You must also connect your aresetn pin to the AXI reset.

0 Kudos
Highlighted
Participant
Participant
348 Views
Registered: ‎05-28-2020

@reaiken ,

As you mentioned in the reply, we tied-off all the reset pins to corresponding reset signals. But still that did not work. We got all the status signals LOW. May be it is due to HLS IP. When we stopped that IP, we got underflow state from AXI4Stream-to-Video Out IP.
We generated another HLS IP by exactly following your code in previous replies, but that still generated same issue. We believe that HLS IP should normally be working.
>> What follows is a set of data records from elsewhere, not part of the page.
Lemma avg_cauchy e : 0 < e ->
  exists N, forall m n, (N < m)%N -> (N < n)%N -> nm (avg m x - avg n x) <= e.
Proof.
move=> e_gt0; set c := inf norms; have c_ge0 : 0 <= c := inf_avg_close_set_ge0.
set d := Num.min 1 (e ^+ 2 / (4 * (2 * c + 1))).
have d_gt0 : 0 < d by rewrite lt_min ltr01 divr_gt0 ?exprn_gt0 //; lra.
have d_le1 : d <= 1 by rewrite ge_min lexx.
have d_small : 4 * d * (2 * c + 1) <= e ^+ 2.
  have : d <= e ^+ 2 / (4 * (2 * c + 1)) by rewrite ge_min lexx orbT.
  by rewrite ler_pdivlMr; [lra | lra].
have [N le_avg] := phinorm_avg_eventually_le d_gt0.
exists N => m n ltNm ltNn.
have [m_gt0 n_gt0] : (0 < m)%N /\ (0 < n)%N by split; lia.
have mid_ge : 2 * c <= nm (avg m x + avg n x).
  have mid_in : avg_close_set x ((2^-1 : R)%:C *: (avg m x + avg n x)).
    by eexists; exact: avg_close_mid (avg_close_avg x m_gt0) (avg_close_avg x n_gt0).
  have := inf_avg_close_set_le mid_in; rewrite phinorm_realZ ?invr_ge0 //; lra.
(* ||u - v||^2 = 2 ||u||^2 + 2 ||v||^2 - ||u + v||^2
               <= 4 (c + d)^2 - 4 c^2 <= 4 d (2 c + 1). *)
have := phinorm_parallelogram (avg m x) (avg n x).
have := le_avg m ltNm; have := le_avg n ltNn.
have := phinorm_ge0 (avg m x); have := phinorm_ge0 (avg n x).
have := phinorm_ge0 (avg m x - avg n x); nra.
Qed.

End AvgCloseSetInf.

Lemma phi_mul_iter_avg a b n j : phi (a * iter j tau (avg n b)) =
  (n%:R^-1 : R)%:C * \sum_(i < n) phi (a * iter (j + i) tau b).
Proof.
rewrite linearZ /= -scalerAr linearZ linear_sum mulr_sumr linear_sum /=.
by congr (_ * _); apply: eq_bigr => i _; rewrite iterD.
Qed.

Lemma normc_phi_mul_iter_sub a y j (c : C) :
  Normc.normc (phi (a * iter j tau y) - phi a * c) <= nm (star a) * nm (y - c%:A).
Proof.
have -> : phi (a * iter j tau y) - phi a * c = dotp (star a) (iter j tau (y - c%:A)).
  rewrite /dotp starK [iter _ _ (_ - _)]linearB /= iter_tau_alg mulrBr.
  by rewrite [phi (_ - _)]linearB /= mulr_algr [phi (_ *: _)]linearZ /= [c * _]mulrC.
apply: le_trans (normc_dotp_le _ _) _.
by rewrite ler_wpM2l ?phinorm_ge0 ?phinorm_iter.
Qed.

Lemma recurrence_in_window a b n j (eps : R) : (0 < n)%N ->
  nm (star a) * nm (avg n b - (phi b)%:A) < eps ->
  exists i : 'I_n, Normc.normc (phi a * phi b) - eps <
                   Normc.normc (phi (a * iter (j + i) tau b)).
Proof.
move=> n_gt0 close_b; apply: exists_normc_gt_mean => //; rewrite -phi_mul_iter_avg.
set w := phi (a * iter j tau (avg n b)).
have := normc_phi_mul_iter_sub a (avg n b) j (phi b).
have := le_normcD (phi a * phi b - w) w; rewrite subrK -[phi a * phi b - w]opprB normcN; lra.
Qed.

Lemma avg_cvg_phi (tau_ergodic : ergodic star phi tau) b e : 0 < e ->
  exists N, forall n, (N < n)%N -> nm (avg n b - (phi b)%:A) <= e.
Proof.
have avg_tau_small e' : 0 < e' ->
    exists N, forall n, (N < n)%N -> nm (tau (avg n b) - avg n b) <= e'.
  move=> e'_gt0; have [N le_N] := eventually_div_le (2 * nm b) e'_gt0.
  exists N => n ltNn; have n_gt0 : (0 < n)%N by apply: leq_ltn_trans ltNn.
  rewrite tau_avg; apply: le_trans (le_N n ltNn).
  by have := avg_close_tau (avg_close_refl b) n_gt0; rewrite add0r.
have [alpha cvg_alpha] := tau_ergodic (avg^~ b) avg_tau_small (avg_cauchy b).
suff <- : alpha = phi b by exact: cvg_alpha.
apply/eqP; rewrite -subr_eq0; apply/eqP/Normc.eq0_normc/le_anti.
rewrite normc_ge0 andbT; apply/ler_addgt0Pr => e' e'_gt0; rewrite add0r.
have [N le_N] := cvg_alpha e' e'_gt0; apply: le_trans (le_N N.+1 (ltnSn N)).
have -> : alpha - phi b = - phi (avg N.+1 b - alpha%:A).
  by rewrite linearB /= phi_avg // phi_alg opprB.
by rewrite normcN normc_phi_le.
Qed.

End Contraction.
End SemiInnerProduct.

Theorem theorem4p2 (R : realType) (A : algType R[i])
    (star : A -> A) (phi : A -> R[i]) (tau : A -> A)
    (Hdyn : is_star_dyn star phi tau) (Herg : ergodic star phi tau)
    (a b : A) (eps : R) (Heps : 0 < eps) :
  rel_dense_pos (fun k : nat =>
    (0 < k)%N /\
    cabs (phi (a * iter k tau b)) > cabs (phi a * phi b) - eps).
Proof.
case: Hdyn => star_inv phi_state [tauD tauZ] tau1 tau_contraction.
have tau_linear : linear tau by move=> c x y; rewrite tauD tauZ.
set na := phinorm star phi (star a); have na_ge0 : 0 <= na := phinorm_ge0 _ _ _.
have [e e_gt0 small_e] : exists2 e, 0 < e & na * e < eps.
  exists (eps / (na + 1)); first by rewrite divr_gt0 //; lra.
  by rewrite mulrA ltr_pdivrMr; lra.
have [N close_N] :=
  avg_cvg_phi star_inv phi_state tau_linear tau1 tau_contraction Herg b e_gt0.
exists N.+1; split=> // j j_gt0.
have [i lt_i] := recurrence_in_window star_inv phi_state tau_linear tau1 tau_contraction
  j (ltn0Sn N) (le_lt_trans (ler_wpM2l na_ge0 (close_N N.+1 (ltnSn N))) small_e).
exists (j + i); split; first by rewrite addn_gt0 j_gt0.
by split; [exact: leq_addr | have := ltn_ord i; lia].
Qed.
Are we missing anything while generating HLS IP. We also followed UG902.

 

0 Kudos
Highlighted
Explorer
Explorer
336 Views
Registered: ‎07-18-2011

@Nikhil_Thapa 

Did you also enable global pin tie-offs for all the other floating pins, like the ce signals?

In my experience, it is always best to start debugging a video path in small steps, starting at the back.    I would instantiate a Video Test Pattern generator configured for your video format and connect that directly to the AXI-Stream to Video Out IP and get that section working, then connect your custom IP and debug it.

 

Highlighted
Scholar
Scholar
335 Views
Registered: ‎03-28-2016

@Nikhil_Thapa 

I have seen that some of the Xilinx IP (DMA and VDMA primarily) require that the "TKeep" signal be properly set in the AXI4-Stream interface.  The width of TKeep is determined by the width of TData.  TKeep has 1 bit for each byte of TData.  If TData is 32-bit then TKeep is 4-bit.  In almost all cases, TKeep should always be set to all "1"s.  By default, it will be set to all "0"s.  Try setting the TKeep to all "1" in your HLS IP.
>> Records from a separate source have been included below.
(* Let $V$ admit $V^{(6)}(0)$ and satisfy $V(0)=V'(0)=0$, $V''(0)>0$. Moreover, let the origin be an isochronous center for $\ddot{x}=-V'(x)$. Then \[ V^{(4)}(0)=\frac{5\, V^{(3)}(0)^2}{3\, V''(0)}\,,\qquad V^{(6)}(0)=\frac{7\, V^{(3)}(0)\, V^{(5)}(0)}{V''(0)}-\frac{140\, V^{(3)}(0)^4}{9\, V''(0)^3}\,. \]
   Context: $V$ is a $C^1$ function near $0$ in $\mathbb{R}$ with $V(0)=V'(0)=0$ and $V''(0)>0$ (here $V$ is assumed to have as many derivatives as necessary). Let $J\ni 0$ be an open interval such that $V$ is strictly increasing on $J\cap\mathbb{R}_+$, strictly decreasing on $J\cap\mathbb{R}_-$, and for each $x\in J$ there is a unique $h(x)\in J$ with $V(h(x))=V(x)$ and $\mathrm{sgn}(h(x))=-\mathrm{sgn}(x)$ (the involution associated with $V$). Then all orbits of $\ddot x=-V'(x)$ which intersect the interval $J$ of the $x$-axis in the $x,\dot x$-plane are periodic and enclose $(0,0)$; the origin is called an isochronous center for $\ddot x=-V'(x)$ if all these orbits have the same period. Equivalently, $V(x)=\frac{V''(0)}{8}(x-h(x))^2$ for $x\in J$. *)

From Stdlib Require Import Reals Lra.
From Coquelicot Require Import Coquelicot.
Open Scope R_scope.

Definition sgn (x : R) : R :=
  if Rlt_dec 0 x then 1 else if Rlt_dec x 0 then -1 else 0.

(* "V admits V^(6)(0)": the derivatives V', ..., V^(5) exist on a
   neighbourhood of 0 and V^(5) is differentiable at 0. *)
Definition admits_D6_at0 (V : R -> R) : Prop :=
  (exists d : R, 0 < d /\
     forall k : nat, (k <= 5)%nat -> forall x : R, Rabs x < d -> ex_derive_n V k x)
  /\ ex_derive_n V 6 0.

(* Standing assumptions on the open interval J = (alpha, beta) containing 0:
   V is C^1 on J, strictly increasing on J ∩ R+, strictly decreasing on
   J ∩ R-, and the involution h is well defined on J. *)
Definition in_J (alpha beta x : R) : Prop := alpha < x < beta.

Definition standing_J (V : R -> R) (alpha beta : R) : Prop :=
  alpha < 0 < beta /\
  (forall x, in_J alpha beta x -> ex_derive V x /\ continuous (Derive V) x) /\
  (forall x y, in_J alpha beta x -> in_J alpha beta y -> 0 <= x -> x < y -> V x < V y) /\
  (forall x y, in_J alpha beta x -> in_J alpha beta y -> x < y -> y <= 0 -> V y < V x) /\
  (forall x, in_J alpha beta x ->
     exists! y, in_J alpha beta y /\ V y = V x /\ sgn y = - sgn x).

Definition is_solution (V : R -> R) (a : R) (x v : R -> R) : Prop :=
  (forall t, is_derive x t (v t)) /\
  (forall t, is_derive v t (- Derive V (x t))) /\
  x 0 = a /\ v 0 = 0.

Definition minimal_period (x : R -> R) (T : R) : Prop :=
  0 < T /\ (forall t, x (t + T) = x t) /\
  (forall S, 0 < S < T -> exists t, x (t + S) <> x t).

Definition isochronous_center (V : R -> R) (alpha beta : R) : Prop :=
  exists T : R, 0 < T /\
    forall a, in_J alpha beta a -> a <> 0 ->
      (exists x v, is_solution V a x v) /\
      (forall x v, is_solution V a x v -> minimal_period x T).

From Stdlib Require Import Reals Lra Lia Psatz ClassicalEpsilon.
From Coquelicot Require Import Coquelicot.
From Stdlib Require Import Factorial.
Open Scope R_scope.

(* Near 0 write [V = s^2] with [s x = sgn x * sqrt (V x)]; the Taylor expansion of
   [V] gives the jet [S = s1 x + ... + s5 x^5] of [s], and Lagrange inversion gives the jet of
   [G = s^-1].  In the coordinate [s] the energy [V x + v^2 / 2] is [s^2 + v^2 / 2], so the orbit
   through [(G r, 0)] is [x = G (r cos th)], [v = - sqrt 2 r sin th], and its period is
   [/ sqrt 2 * int_0^(2 pi) G' (r cos p) dp = / sqrt 2 * (2 pi g1 + 3 pi g3 r^2 + 15 pi / 4 g5 r^4)
   + o(r^4)], where [g_k] are the coefficients of the jet of [G].  Isochrony forces [g3 = g5 = 0],
   and rewriting these two equations in terms of the derivatives of [V] gives the theorem. *)

(** * Little-o near the origin *)

Definition near0 (P : R -> Prop) : Prop :=
  exists d, 0 < d /\ forall x, Rabs x < d -> P x.

Definition littleo (n : nat) (f : R -> R) : Prop :=
  forall eps, 0 < eps -> near0 (fun x => Rabs (f x) <= eps * Rabs x ^ n).

Lemma near0_abs_lt c : 0 < c -> near0 (fun x => Rabs x < c).
Proof. intros Hc; exists c; split; auto. Qed.

Lemma near0_impl (P Q : R -> Prop) : (forall x, P x -> Q x) -> near0 P -> near0 Q.
Proof. intros H [d [Hd HP]]; exists d; split; auto. Qed.

Lemma near0_and (P Q : R -> Prop) : near0 P -> near0 Q -> near0 (fun x => P x /\ Q x).
Proof.
intros [d1 [Hd1 H1]] [d2 [Hd2 H2]]; exists (Rmin d1 d2); split; [now apply Rmin_pos|].
intros x Hx; split; [apply H1|apply H2]; eapply Rlt_le_trans; eauto; [apply Rmin_l|apply Rmin_r].
Qed.

Definition bounded_near0 (g : R -> R) : Prop :=
  exists M, near0 (fun x => Rabs (g x) <= M).

Section Littleo.

Implicit Types (f g : R -> R) (n : nat).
Ted Booth | Tech. Lead FPGA Design Engineer | DesignLinx Solutions
https://www.designlinxhs.com
Highlighted
Participant
Participant
271 Views
Registered: ‎05-28-2020

@reaiken ,

Thanks for reply,
We did as you said that we used TPG and HLS IP to debug video path. We also used AXI4Stream Switch IP to select between TPG stream and HLS IP stream. When selecting TPG stream, we got output but selecting HLS IP stream did not produce any output. However, when looking at ILA status, there was still data with handshaking signal.

@tedbooth ,
Thanks for reply
We regenerated the HLS IP including TKEEP signal all "1"s. But that did not change anything either. We have also included ILA status waveform below.
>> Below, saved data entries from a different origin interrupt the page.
(* Let $\alpha$ be a positive rational number and $v\in\widetilde V$. If $\rho_\alpha(v)=\alpha+4$, then $\alpha$ is an integer.
   Context: For real $\alpha>0$ put $t=\alpha+2$, $u_0=0$, $u_1=1$, $u_{i+2}=tu_{i+1}-u_i$; $\rho_\alpha(0)=0$ and $\rho_\alpha(n)=1+\frac{u_{n-1}}{u_n+1}$ for $n\in\mathbb{N}$. $\widetilde V$ is the set of infinite nonincreasing sequences of nonnegative integers that are eventually $0$, and $\rho_\alpha(v)=\sum_i\rho_\alpha(v_i)$. *)

From mathcomp Require Import all_boot all_order all_algebra.
Set Implicit Arguments. Unset Strict Implicit. Unset Printing Implicit Defensive.
Import Order.TTheory GRing.Theory Num.Theory.
Local Open Scope ring_scope.

Fixpoint upair (t : rat) (n : nat) : rat * rat :=
  match n with
  | 0%N => (0, 1)
  | m.+1 => let p := upair t m in (p.2, t * p.2 - p.1)
  end.

Definition u (t : rat) (n : nat) : rat := (upair t n).1.

Definition rho (alpha : rat) (n : nat) : rat :=
  match n with
  | 0%N => 0
  | m.+1 => 1 + u (alpha + 2) m / (u (alpha + 2) m.+1 + 1)
  end.

(* v in V~ : nonincreasing, eventually zero sequence of naturals *)
Definition nonincreasing_seq (v : nat -> nat) : Prop :=
  forall i j : nat, (i <= j)%N -> (v j <= v i)%N.

(* rho_alpha(v) = sum_i rho_alpha(v_i); if v_i = 0 for all i >= N this is the
   finite sum over i < N (independent of such N since rho_alpha(0) = 0). *)
Definition rhoV (alpha : rat) (v : nat -> nat) (N : nat) : rat :=
  \sum_(i < N) rho alpha (v i).

(* The denominator of every rho_alpha(n) is coprime to the denominator b of t = alpha + 2:
   the scaled terms u_{n+1} b^n are integers congruent to (t b)^n modulo b, so
   rho_alpha(n + 2) = 1 + b u_{n+1} b^n / (u_{n+2} b^{n+1} + b^{n+1}) has such a
   denominator.  Sums keep this property, hence so does t = rho_alpha(v) - 2; since b
   is the denominator of t itself, b = 1. *)

From mathcomp Require Import all_boot all_order all_algebra.
From mathcomp Require Import ring.
Import Order.TTheory GRing.Theory Num.Theory.
Local Open Scope ring_scope.

Lemma coprimezMDl (q m n : int) : coprimez (q * m + n) m = coprimez n m.
Proof. by rewrite !(coprimez_sym _ m) /coprimez gcdzMDl. Qed.

Definition den_coprime (b : int) (x : rat) : Prop :=
  exists2 d : int, coprimez d b & x * d%:~R \is a Num.int.

Section DenCoprime.
Variable b : int.

Lemma den_coprime_int (k : int) : den_coprime b k%:~R.
Proof. by exists 1; rewrite ?mulr1 ?intr_int // /coprimez gcd1z. Qed.

Lemma den_coprimeD x y : den_coprime b x -> den_coprime b y -> den_coprime b (x + y).
Proof.
move=> [d1 cop1 xd1] [d2 cop2 yd2]; exists (d1 * d2); first by rewrite coprimezMl cop1.
have -> : (x + y) * (d1 * d2)%:~R = x * d1%:~R * d2%:~R + y * d2%:~R * d1%:~R.
  by rewrite rmorphM /=; ring.
by rewrite rpredD // rpredM // intr_int.
Qed.

Lemma den_coprime_frac (p q : int) : coprimez q b -> den_coprime b (p%:~R / q%:~R).
Proof.
exists q => //; have [->|q_neq0] := eqVneq q 0; first by rewrite mulr0 rpred0.
by rewrite divfK ?intr_eq0 // intr_int.
Qed.

End DenCoprime.

Lemma den_coprime_denq x : den_coprime (denq x) x -> x \is a Num.int.
Proof.
move=> [d cop /intrP [k xdE]].
have den_dvd_num_d : (denq x %| numq x * d)%Z.
  apply/dvdzP; exists k; apply/eqP; rewrite -(eqr_int rat) !rmorphM /= numqE.
  by rewrite -xdE; apply/eqP; ring.
have cop_den_num : coprimez (denq x) (numq x).
  by rewrite coprimez_sym coprimezE coprime_num_den.
rewrite Gauss_dvdzr // in den_dvd_num_d.
have : (denq x %| gcdz d (denq x))%Z by rewrite dvdz_gcd den_dvd_num_d dvdzz.
by rewrite (eqP cop) dvdz1 => /eqP den1; rewrite Qint_def -absz_denq den1.
Qed.

Section ScaledRecurrence.
Variable t : rat.
Local Notation b := (denq t).

Lemma uS n : u t n.+2 = t * u t n.+1 - u t n.
Proof. by []. Qed.

(* w_n = u_{n+1} b^n satisfies w_{n+2} = (t b) w_{n+1} - b^2 w_n with t b = numq t. *)
Lemma u_scaled_int n : exists w w' : int,
  [/\ u t n.+1 * b%:~R ^+ n = w%:~R, u t n.+2 * b%:~R ^+ n.+1 = w'%:~R
    & coprimez w' b].
Proof.
have cop_num_den : coprimez (numq t) b by rewrite coprimezE coprime_num_den.
elim: n => [|n [w [w' [wE w'E cop_w']]]].
  exists 1, (numq t); split=> //.
  by rewrite uS /u /= subr0 mulr1 expr1 numqE.
exists w', (numq t * w' - b ^+ 2 * w); split=> //.
  have -> : u t n.+3 * b%:~R ^+ n.+2 =
      t * b%:~R * (u t n.+2 * b%:~R ^+ n.+1) - b%:~R ^+ 2 * (u t n.+1 * b%:~R ^+ n).
    by rewrite uS !exprS; ring.
  by rewrite -numqE w'E wE rmorphB /= !rmorphM.
have -> : numq t * w' - b ^+ 2 * w = (- (b * w)) * b + numq t * w' by ring.
by rewrite coprimezMDl coprimezMl cop_num_den.
Qed.

Lemma den_coprime_u_ratio n : den_coprime b (u t n / (u t n.+1 + 1)).
Proof.
case: n => [|m]; first by rewrite /u /= mul0r; apply: (den_coprime_int _ 0).
have [w [w' [wE w'E cop_w']]] := u_scaled_int m.
have b_neq0 : b%:~R != 0 :> rat by rewrite intr_eq0 denq_neq0.
have bX_neq0 k : b%:~R ^+ k != 0 :> rat by rewrite expf_neq0.
have u1E : u t m.+1 = w%:~R / b%:~R ^+ m by rewrite -wE mulfK.
have u2E : u t m.+2 + 1 = (w' + b ^+ m.+1)%:~R / b%:~R ^+ m.+1.
  by rewrite rmorphD /= rmorphXn -w'E; field; rewrite bX_neq0.
(* Also valid when u_{m+2} + 1 = 0, as both sides are then 0 (x / 0 = 0). *)
have -> : u t m.+1 / (u t m.+2 + 1) = (w * b)%:~R / (w' + b ^+ m.+1)%:~R.
  rewrite u1E u2E invf_div rmorphM /= !mulrA; congr (_ * _).
  by rewrite exprS; field.
by apply: den_coprime_frac; rewrite addrC exprS mulrC coprimezMDl.
Qed.

End ScaledRecurrence.

Lemma den_coprime_rho alpha n : den_coprime (denq (alpha + 2)) (rho alpha n).
Proof.
case: n => [|n]; first exact: (den_coprime_int _ 0).
apply: den_coprimeD; [exact: (den_coprime_int _ 1) | exact: den_coprime_u_ratio].
Qed.

Theorem proposition4 (alpha : rat) (v : nat -> nat) (N : nat) :
  0 < alpha ->
  nonincreasing_seq v ->
  (forall i : nat, (N <= i)%N -> v i = 0%N) ->
  rhoV alpha v N = alpha + 4 ->
  alpha \is a Num.int.
Proof.
move=> _ _ _ rhoVE.
have sum_den_coprime : den_coprime (denq (alpha + 2)) (rhoV alpha v N).
  apply: (big_ind (den_coprime _)); first exact: (den_coprime_int _ 0).
    exact: den_coprimeD.
  by move=> i _; apply: den_coprime_rho.
have t_int : alpha + 2 \is a Num.int.
  apply: den_coprime_denq.
  have tE : alpha + 2 = rhoV alpha v N + (- 2)%:~R by rewrite rhoVE; ring.
  by rewrite [X in den_coprime _ X]tE; apply: den_coprimeD (den_coprime_int _ _).
by rewrite -(addrK 2 alpha) rpredB.
Qed.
Further more, we tested HLS IP with Video Processing Subsystem (VPSS) IP, where we fed HLS IP stream to VPSS IP. We found same thing there. There was also data incoming but VPSS was generating messy output as if there was no stream from HLS IP. We also tested the HLS IP by setting the IP parameters to generate black pixel data (all zeros). But the output from VPSS did not change.
From these test results, we are suspecting that there might be issue in HLS IP AXI4Stream data interface.

@reaiken , could you also generate HLS IP of your code and test it? This is only for testing purpose on your side.

Thanks,

 

ILA status waveform:

image.png

0 Kudos
Highlighted
Participant
Participant
241 Views
Registered: ‎05-28-2020

Hello Everyone,

We have now solved this issue ourselves.
While going through ILA waveform of HLS IP, we especially did inspection of TUSER and TLAST signal states. We found the TLAST signal was not changing its state. It was LOW every time while there was still data coming from HLS IP. We also studied AXI4Stream Protocol. And finally, we found the fact that the issue was due to lack of Packet Boundary. Because of this, downstream IP was not able to detect actual data packet.
We then turned to check our HLS IP code. There was little problematic for asserting TLAST signal. We corrected it and then generated IP again. Then, it started working.
We must not forget to thank you all for helping directly or indirectly to figure out our issue. And finally, many thanks for joining and sharing the knowledge in this forum conversation.